• **THE PROBLEM**
The whole listing that follows should be printed again, unchanged.
+++
Section TreeAutomorphisms.
Variable m : nat -> nat.

Lemma vert_rcons p j : vert m (rcons p j) -> vert m p.
Proof.
move=> hv i hi; move: (hv i); rewrite size_rcons nth_rcons hi; apply.
exact: ltnW.
Qed.

Lemma aut_size_rcons a : is_aut m a -> forall v, vert m v ->
  size (a v) = size v /\ forall p j, v = rcons p j -> exists j', a v = rcons (a p) j'.
Proof.
case=> _ _ abij aroot aadj.
elim/last_ind=> [|p j IH] vv.
  by rewrite aroot; split=> // p j /(congr1 size); rewrite size_rcons.
have vp := vert_rcons vv; have [sap childp] := IH vp.
have : adj m (a p) (a (rcons p j)).
  by apply/(aadj _ _ vp vv); split=> //; split=> //; exists j; left.
case=> _ [_ [i [-> | up]]].
  by rewrite !size_rcons sap; split=> // p' j' /rcons_inj [<- _]; exists i.
exfalso; case/lastP: p vv vp sap childp {IH} up => [|q j0] _ _ _ childp.
  by rewrite aroot => /(congr1 size); rewrite size_rcons.
have [j1 ->] := childp q j0 erefl.
by case/rcons_inj => /(bij_inj abij)/(congr1 size); rewrite !size_rcons; lia.
Qed.

Lemma size_aut a v : is_aut m a -> vert m v -> size (a v) = size v.
Proof. by move=> au vv; case: (aut_size_rcons au vv). Qed.

Lemma aut_take a v L : is_aut m a -> vert m v -> a (take L v) = take L (a v).
Proof.
move=> au; elim/last_ind: v => [|p j IH] vv.
  by case: au => _ _ _ aroot _; rewrite aroot.
have [sv /(_ p j erefl) [j' av]] := aut_size_rcons au vv.
have vp := vert_rcons vv.
case: (leqP (size (rcons p j)) L) => hL; first by rewrite !take_oversize ?sv.
move: hL; rewrite size_rcons ltnS => hL.
by rewrite av -!cats1 !takel_cat ?size_aut // IH.
Qed.

Lemma size_pref g n : size (pref g n) = n.
Proof. exact: size_mkseq. Qed.

Lemma nth_pref g n k : k < n -> nth 0 (pref g n) k = g k.
Proof. exact: nth_mkseq. Qed.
+++
• **ANSWER SECTION**
Section TreeAutomorphisms.
Variable m : nat -> nat.

Lemma vert_rcons p j : vert m (rcons p j) -> vert m p.
Proof.
move=> hv i hi; move: (hv i); rewrite size_rcons nth_rcons hi; apply.
exact: ltnW.
Qed.

Lemma aut_size_rcons a : is_aut m a -> forall v, vert m v ->
  size (a v) = size v /\ forall p j, v = rcons p j -> exists j', a v = rcons (a p) j'.
Proof.
case=> _ _ abij aroot aadj.
elim/last_ind=> [|p j IH] vv.
  by rewrite aroot; split=> // p j /(congr1 size); rewrite size_rcons.
have vp := vert_rcons vv; have [sap childp] := IH vp.
have : adj m (a p) (a (rcons p j)).
  by apply/(aadj _ _ vp vv); split=> //; split=> //; exists j; left.
case=> _ [_ [i [-> | up]]].
  by rewrite !size_rcons sap; split=> // p' j' /rcons_inj [<- _]; exists i.
exfalso; case/lastP: p vv vp sap childp {IH} up => [|q j0] _ _ _ childp.
  by rewrite aroot => /(congr1 size); rewrite size_rcons.
have [j1 ->] := childp q j0 erefl.
by case/rcons_inj => /(bij_inj abij)/(congr1 size); rewrite !size_rcons; lia.
Qed.

Lemma size_aut a v : is_aut m a -> vert m v -> size (a v) = size v.
Proof. by move=> au vv; case: (aut_size_rcons au vv). Qed.

Lemma aut_take a v L : is_aut m a -> vert m v -> a (take L v) = take L (a v).
Proof.
move=> au; elim/last_ind: v => [|p j IH] vv.
  by case: au => _ _ _ aroot _; rewrite aroot.
have [sv /(_ p j erefl) [j' av]] := aut_size_rcons au vv.
have vp := vert_rcons vv.
case: (leqP (size (rcons p j)) L) => hL; first by rewrite !take_oversize ?sv.
move: hL; rewrite size_rcons ltnS => hL.
by rewrite av -!cats1 !takel_cat ?size_aut // IH.
Qed.

Lemma size_pref g n : size (pref g n) = n.
Proof. exact: size_mkseq. Qed.

Lemma nth_pref g n k : k < n -> nth 0 (pref g n) k = g k.
Proof. exact: nth_mkseq. Qed.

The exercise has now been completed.